Without changing any code, you can confirm this behavior by looking for
" Folktown Record " (with the quotes AND leading and trailing spaces). Since
the space is now being treated literally, "Records" doesn't match. I think that
result is what most people are expecting when they type a grouped phrase,
but I sincerely doubt they'll make the cognitive leap to add leading and
trailing spaces to get the proper result.

To fix this in MW, we can take every [quote] and turn them into
[space][quote][space]. In SearchEngine.php:parseQuery4, look for:

$searchon = wfStrencode( $searchon );
$this->mTitlecond = " MATCH(si_title) AGAINST('$searchon' IN BOOLEAN MODE)";
$this->mTextcond = " (MATCH(si_text) AGAINST('$searchon' IN BOOLEAN MODE) AND cur_is_redirect=0)";

and add a new line before it:

$searchon = str_replace( '"', ' " ', $searchon);
$searchon = wfStrencode( $searchon );
$this->mTitlecond = " MATCH(si_title) AGAINST('$searchon' IN BOOLEAN MODE)";
$this->mTextcond = " (MATCH(si_text) AGAINST('$searchon' IN BOOLEAN MODE) AND cur_is_redirect=0)";


Version: 1.3.x
Severity: normal

Details

Reference
bz375

Event Timeline

bzimport raised the priority of this task from to Lowest.Nov 21 2014, 6:55 PM
bzimport set Reference to bz375.
bzimport added a subscriber: Unknown Object (MLST).

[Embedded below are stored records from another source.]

(* Backward invariance: x in K gives q x - a_i in K for some i; iterating, for a
   common denominator D of the a_i, q^k x + M/D lies in K for some integer M. *)
Lemma attractor_orbit (q n : nat) (a : nat -> Q) (K : R -> Prop) (D : nat) :
  (1 <= q)%nat -> (0 < D)%nat ->
  (forall i, (i < n)%nat -> exists z : Z, Q2R (a i) * INR D = IZR z) ->
  is_attractor q n a K ->
  forall x, K x -> forall k, exists M : Z, K (INR q ^ k * x + IZR M / INR D).
Proof.
  intros Hq HD Hint [_ [_ HK]] x Hx k.
  apply lt_0_INR in HD. assert (Hq0 : 0 < INR q) by (apply lt_0_INR; lia).
  induction k as [|k [M HM]].
  - exists 0%Z. replace (INR q ^ 0 * x + IZR 0 / INR D) with x by (simpl; field; lra). exact Hx.
  - apply HK in HM as [i [z [Hi [Hz Hzeq]]]].
    destruct (Hint i Hi) as [zi Hzi].
    exists (Z.of_nat q * M - zi)%Z.
    replace (INR q ^ S k * x + IZR (Z.of_nat q * M - zi) / INR D) with z; [exact Hz|].
    assert (Hzy : z = INR q * (INR q ^ k * x + IZR M / INR D) - Q2R (a i)).
    { rewrite Hzeq. field. lra. }
    rewrite Hzy, minus_IZR, mult_IZR, <- INR_IZR_INZ, <- Hzi. simpl pow. field. lra.
Qed.

Lemma no_rational_affine_point (q n : nat) (a : nat -> Q) (K : R -> Prop) (t : R) (al be : Q) :
  (2 <= q)%nat ->
  (forall i, (i < n)%nat -> 0 <= Q2R (a i) <= INR q - 1) ->
  is_attractor q n a K -> nowhere_dense_in01 K ->
  has_universal_expansion q t -> Q2R al <> 0 ->
  forall x, K x -> x <> Q2R al * t + Q2R be.
Proof.
  intros Hq Ha Hatt Hnd [d [[Hdig Hsum] Huniv]] Hal x Hx Hxe.
  pose proof (attractor_in_unit_interval q n a K Hq Ha Hatt) as Hsub.
  destruct (common_denominator a n) as [D [HD Hint]].
  assert (Hda : 0 < IZR (Zpos (Qden al))) by (apply IZR_lt; lia).
  assert (Hdb : 0 < IZR (Zpos (Qden be))) by (apply IZR_lt; lia).
  assert (HDR : 0 < INR D) by (apply lt_0_INR; exact HD).
  (* points of K reached from x differ from al T_k by a multiple of 1/L *)
  set (L := IZR (Zpos (Qden al)) * IZR (Zpos (Qden be)) * INR D).
  assert (HL : 0 < L) by (unfold L; repeat apply Rmult_lt_0_compat; assumption).
  destruct (interval_avoiding_translates K (Q2R al) L Hsub
    (nowhere_dense_of_in01 K Hsub Hnd) Hal HL) as [u [v [Hu [Huv [Hv Havoid]]]]].
  destruct (remainder_dense q Hq d t Hdig Hsum Huniv u v Hu Huv Hv) as [k Hk].
  destruct (attractor_orbit q n a K D ltac:(lia) HD Hint Hatt x Hx k) as [M HM].
  set (J := (Qnum al * Z.of_nat (word_value q d k) * Zpos (Qden be) * Z.of_nat D
     + Z.of_nat (q ^ k) * Qnum be * Zpos (Qden al) * Z.of_nat D
     + M * Zpos (Qden al) * Zpos (Qden be))%Z).
  apply (Havoid _ Hk J).
  replace (Q2R al * remainder q d t k + IZR J / L) with (INR q ^ k * x + IZR M / INR D); [exact HM|].
  rewrite Hxe. unfold J, L, remainder.
  rewrite !plus_IZR, !mult_IZR, <- !INR_IZR_INZ, pow_INR.
  unfold Q2R. field. repeat split; lra.
Qed.

Theorem theorem5 (q n : nat) (a : nat -> Q) (K : R -> Prop) :
  (3 <= q)%nat -> (1 <= n)%nat ->
  (forall i, (i < n)%nat -> 0 <= Q2R (a i) <= INR q - 1) ->
  is_attractor q n a K ->
  nowhere_dense_in01 K ->
  (forall t, 0 < t < 1 -> has_universal_expansion q t ->
     (forall x, K x -> irrational (x - t)) /\
     (forall x, K x -> irrational (x + t)) /\
     (forall x, K x -> x <> 0 -> irrational (x / t))) /\
  (forall t, 1 < t -> has_universal_expansion q (/ t) ->
     forall x, K x -> x <> 0 -> irrational (t * x)).
Proof.
  intros Hq _ Ha Hatt Hnd.
  pose proof (no_rational_affine_point q n a K) as Hkey.
  split.
  - intros t Ht Huniv. repeat split.
    +
      intros x Hx r Hr. apply (Hkey t 1%Q r ltac:(lia) Ha Hatt Hnd Huniv) with x; [| exact Hx |];
        rewrite RMicromega.Q2R_1; lra.
    +
      intros x Hx r Hr. apply (Hkey t (Qopp 1) r ltac:(lia) Ha Hatt Hnd Huniv) with x; [| exact Hx |];
        rewrite Q2R_opp, RMicromega.Q2R_1; lra.
    +
      intros x Hx Hx0 r Hr. apply (Hkey t r 0%Q ltac:(lia) Ha Hatt Hnd Huniv) with x; [| exact Hx |];
        rewrite <- Hr.
      * intro Hr0. apply Hx0. apply (Rmult_eq_reg_r (/ t)); [|apply Rinv_neq_0_compat; lra].
        unfold Rdiv in Hr0. lra.
      * rewrite RMicromega.Q2R_0. field. lra.
  -
    intros t Ht Huniv x Hx Hx0 r Hr.
    apply (Hkey (/ t) r 0%Q ltac:(lia) Ha Hatt Hnd Huniv) with x; [| exact Hx |];
      rewrite <- Hr.
    + intro Hr0. apply Hx0. apply (Rmult_eq_reg_l t); lra.
    + rewrite RMicromega.Q2R_0. field. lra.
Qed.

Probably should do this a few lines up where the query is being normalized; there's already different handling of quoted
phrases and non-quoted words for building text extract match regexps.

morbus wrote:

Moving it inside could be:

$searchon .= $terms[1] . $wgLang->stripForSearch( $terms[2] );
if( $terms[3] ) {

$regexp = preg_quote( $terms[3] );

to:

$searchon .= $terms[1] . $wgLang->stripForSearch( $terms[2] );
$searchon = str_replace( '"', ' " ', $searchon);
if( $terms[3] ) {

$regexp = preg_quote( $terms[3] );

bugzilla_wikipedia_org.to.jamesd wrote:

This breaks the search for pi desired in this bug:
http://bugzilla.wikimedia.org/show_bug.cgi?id=42 . At present you can use "3.14"
and expect it to match "3.14159265".

Rather than adding undesired spaces, add the words within the quotes outside the
quotes. That will raise the results for articles containing "Folktown Record"
above those containing "Folktown Records" but won't break the searches for "3.14".

MySQL 4 isn't supported anymore